Cat Power, in apertura il manifesto a lei dedicato di Cekos’Art

omenica 20 luglio, alle 21.00 al Caffè Letterario di Lecce si terrà un aperitivo di presentazione dell'ottava edizione del Sud Est Indipendente, festival firmato Coolclub, che si muoverà dal 24 luglio al 13 agosto nelle province di Brindisi e Lecce tra rock, folk e musica d'autore con grandi nomi della musica italiana e internazionale affiancati sul palco da alcune delle migliori esperienze della scena pugliese. Tra gli ospiti Avion Travel, Mannarino, Afterhours, Bud Spencer Blues Explosion, Brunori Sas e Cat Power. Proprio alla cantautrice statunitense, icona della scena alternative rock mondiale, è dedicato il manifesto celebrativo di questa edizione. Dopo "Storia di ecologia, coscienza e surreltà" di Massimo Pasca, con un John Lennon in versione "santo" che ha caratterizzato l'edizione 2013, la Cooperativa Coolclub ha affidato l'opera a Chekos'art, artista di origini salentine che si muove nel campo del graffitismo e del freestyling, che ha voluto omaggiare l'artista statunitense per la prima volta nel Salento il 24 luglio a Torre Regina Giovanna di Apani (Br). Chekos'art, nasce a Lecce nel 1977. Spirito combattivo e ribelle, da giovanissimo si trasferisce a Milano dove intraprende il suo percorso artistico cominciando come writer, tra centri sociali, case occupate, quartieri popolari, lavori precari vivendo ed assorbendo tutto ciò che la strada contiene. Il suo spirito artistico e la sua voglia di scoprire ed interagire con le diversità e le novità, lo spingono ad abbandonare l'Italia per intraprendere diversi progetti artistici attraversando i paesi dell'Est Europa, fino ad arrivare in Cina, in India, a New York, per poi ritornare definitivamente in Puglia, a Lecce, la base in cui opera tutt'ora. Artista autodidatta che si muove nel campo del graffitismo e del freestyling, riscopre se stesso rivoluzionando giorno per giorno il suo carattere artistico, sperimenta e fonde diversi stili e diverse tecniche. Intorno la fine degli anni 90 diviene uno dei pionieri della Street Art in Italia, rige-

nerandosi in forme procreative, porta avanti nella vita come nell'arte i valori dell'antirazzismo, ama ricercare e ricercarsi condividendo la sua arte e i suoi valori con altre diversità artistiche. Fondatore del movimento “South Italy Street Art”, il cui obiettivo è quello di creare una piattaforma dinamica tra vari artisti nazionali ed internazionali, chi vi partecipa ha l'obiettivo di uscire dai tradizionali canoni dell'arte, arricchendo così il progetto e contemporaneamente se stesso. Una "piattaforma contaminata" in continua evoluzione, completata da artisti che fanno della propria arte una periodica ricerca e amor di vita.

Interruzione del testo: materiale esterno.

(* Let $p,q$ be distinct primes and $n\geqslant1$. Then the complexity of $C_{p^nq}$ is $3k+1$ if $n=2k$, and $3k+2$ if $n=2k+1$.
   Context: For a finite group $G$, an arrow is a pair $(H,K)$ of subgroups with $H\leqslant K$; identity arrows are those with $H=K$. A $G$-transfer system is a set of arrows containing all identities and closed under composition ($(H,K),(K,L)\Rightarrow(H,L)$), conjugation ($(H,K)\Rightarrow(gHg^{-1},gKg^{-1})$) and restriction ($(H,K)$ and $L\leqslant K\Rightarrow(H\cap L,L)$). For a set $S$ of non-identity arrows, $\langle S\rangle$ is the smallest transfer system containing $S$. A minimal generating set of a transfer system $\mathsf{T}$ is a set $S\subseteq\mathsf{T}$ of non-identity arrows with $\langle S\rangle=\mathsf{T}$ and $\langle S\setminus\{s\}\rangle\neq\mathsf{T}$ for all $s\in S$; all such have the same cardinality $\mathfrak{m}(\mathsf{T})$. The complexity $\mathfrak{c}(G)$ is the maximum of $\mathfrak{m}(\mathsf{T})$ over all $G$-transfer systems $\mathsf{T}$. *)

From mathcomp Require Import all_boot all_fingroup.
Set Implicit Arguments. Unset Strict Implicit. Unset Printing Implicit Defensive.
Local Open Scope group_scope.

Section TransferSystems.
Variable gT : finGroupType.

Definition arrowT := ({set gT} * {set gT})%type.

Definition is_subgroup (G H : {set gT}) : bool := group_set H && (H \subset G).

Definition is_arrow (G : {set gT}) (a : arrowT) : bool :=
  [&& is_subgroup G a.1, is_subgroup G a.2 & a.1 \subset a.2].

Definition is_identity_arrow (a : arrowT) : bool := a.1 == a.2.

Definition is_transfer_system (G : {set gT}) (T : {set arrowT}) : bool :=
  [&& [forall a in T, is_arrow G a],
      [forall H : {set gT}, is_subgroup G H ==> ((H, H) \in T)],
      [forall a in T, forall b in T, (a.2 == b.1) ==> ((a.1, b.2) \in T)],
      [forall a in T, forall g in G, (a.1 :^ g, a.2 :^ g) \in T] &
      [forall a in T, forall L : {set gT},
          is_subgroup a.2 L ==> ((a.1 :&: L, L) \in T)]].

Definition gen_ts (G : {set gT}) (S : {set arrowT}) : {set arrowT} :=
  \bigcap_(T | is_transfer_system G T && (S \subset T)) T.

Definition minimal_generating (G : {set gT}) (S T : {set arrowT}) : bool :=
  [&& S \subset T, [forall a in S, ~~ is_identity_arrow a],
      gen_ts G S == T &
      [forall s in S, gen_ts G (S :\ s) != T]].

(* m(T): the cardinality of a minimal generating set of T (all such have
   the same cardinality; we take the maximum to get a total definition). *)
Definition mgen (G : {set gT}) (T : {set arrowT}) : nat :=
  \max_(S : {set arrowT} | minimal_generating G S T) #|S|.

Definition complexity (G : {set gT}) : nat :=
  \max_(T : {set arrowT} | is_transfer_system G T) mgen G T.

End TransferSystems.

(* The subgroups of a cyclic group of order p^n q form the grid [0, n] x [0, 1],
   the pair (i, e) standing for the subgroup of order p^i q^e.  The group being
   abelian, conjugation acts trivially, so its transfer systems and their
   generation are those of this lattice, and the complexity is the largest size
   of an independent set S of arrows of the grid: no arrow of S lies in the
   transfer system generated by the others.

   In such an S the flat arrows, the arrows into the top row and the arrows out
   of the bottom row number at most n, n + 1 and n + 1.  In each case, label an
   arrow either by its source column or by how far its source reaches along the
   bottom row in the transfer system generated by the other arrows; independence
   makes the labels distinct and smaller than n, except for one rising arrow of
   maximal source.  Every arrow lies in exactly two of the three classes, hence
   2 |S| <= 3 n + 2.  For n = 2 k + o an explicit family of 3 k + 1 + o arrows,
   each separated from the others by a transfer system, attains the bound. *)

From mathcomp Require Import all_boot all_order all_fingroup all_solvable.
From mathcomp Require Import zify.
Set Implicit Arguments. Unset Strict Implicit. Unset Printing Implicit Defensive.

Giovedì 24 luglio a Torre Regina Giovanna di Apani (Br) (ore 21.30 - biglietti 20 euro + d.p. nei circuiti Bookingshow e Ticketone), Cat Power arriva nel Sud Italia per una delle due tappe italiane del tour mondiale "Sun"; una giovinezza vissuta da Bohémien girovagando per gli States, l'approdo nella New York underground e l'inizio di una carriera che l'ha portata in poco tempo nell'olimpo dell'Indie-Rock con venti anni di carriera e nove album alle spalle. Prodotto da Chan Marshall, mixato da Philippe Zdar "Sun" è l'ultimo album in studio di Cat; scritto, suonato, registrato e interamente autoprodotto è una dichiarazione di completo controllo che si ritrova anche nei temi delle canzoni. Coloro che conoscono la discografia di Cat Power ritroveranno elementi della pietra miliare del 2003 "You Are Free", che sperimentava forme vocali e basi prese in prestito dalla urban music. La serata, tutta al femminile, sarà aperta da tre cantautrici pugliesi: Una, Mery Fiore e Sofia Brunetta. In chiusura spazio alle selezioni di Panic Indie Rock.

Il Festival proseguirà con Afterhours (1 agosto al Parco Gondar di Gallipoli), Avion Travel (8 agosto all'Anfiteatro Romano di Lecce), Brunori Sas e Bud Spencer Blues Explosion (9 e 10 agosto al Parco di Belloluogo a Lecce nell'ambito del Green Sound Festival), Mannarino (13 agosto in Piazza Libertini a Lecce).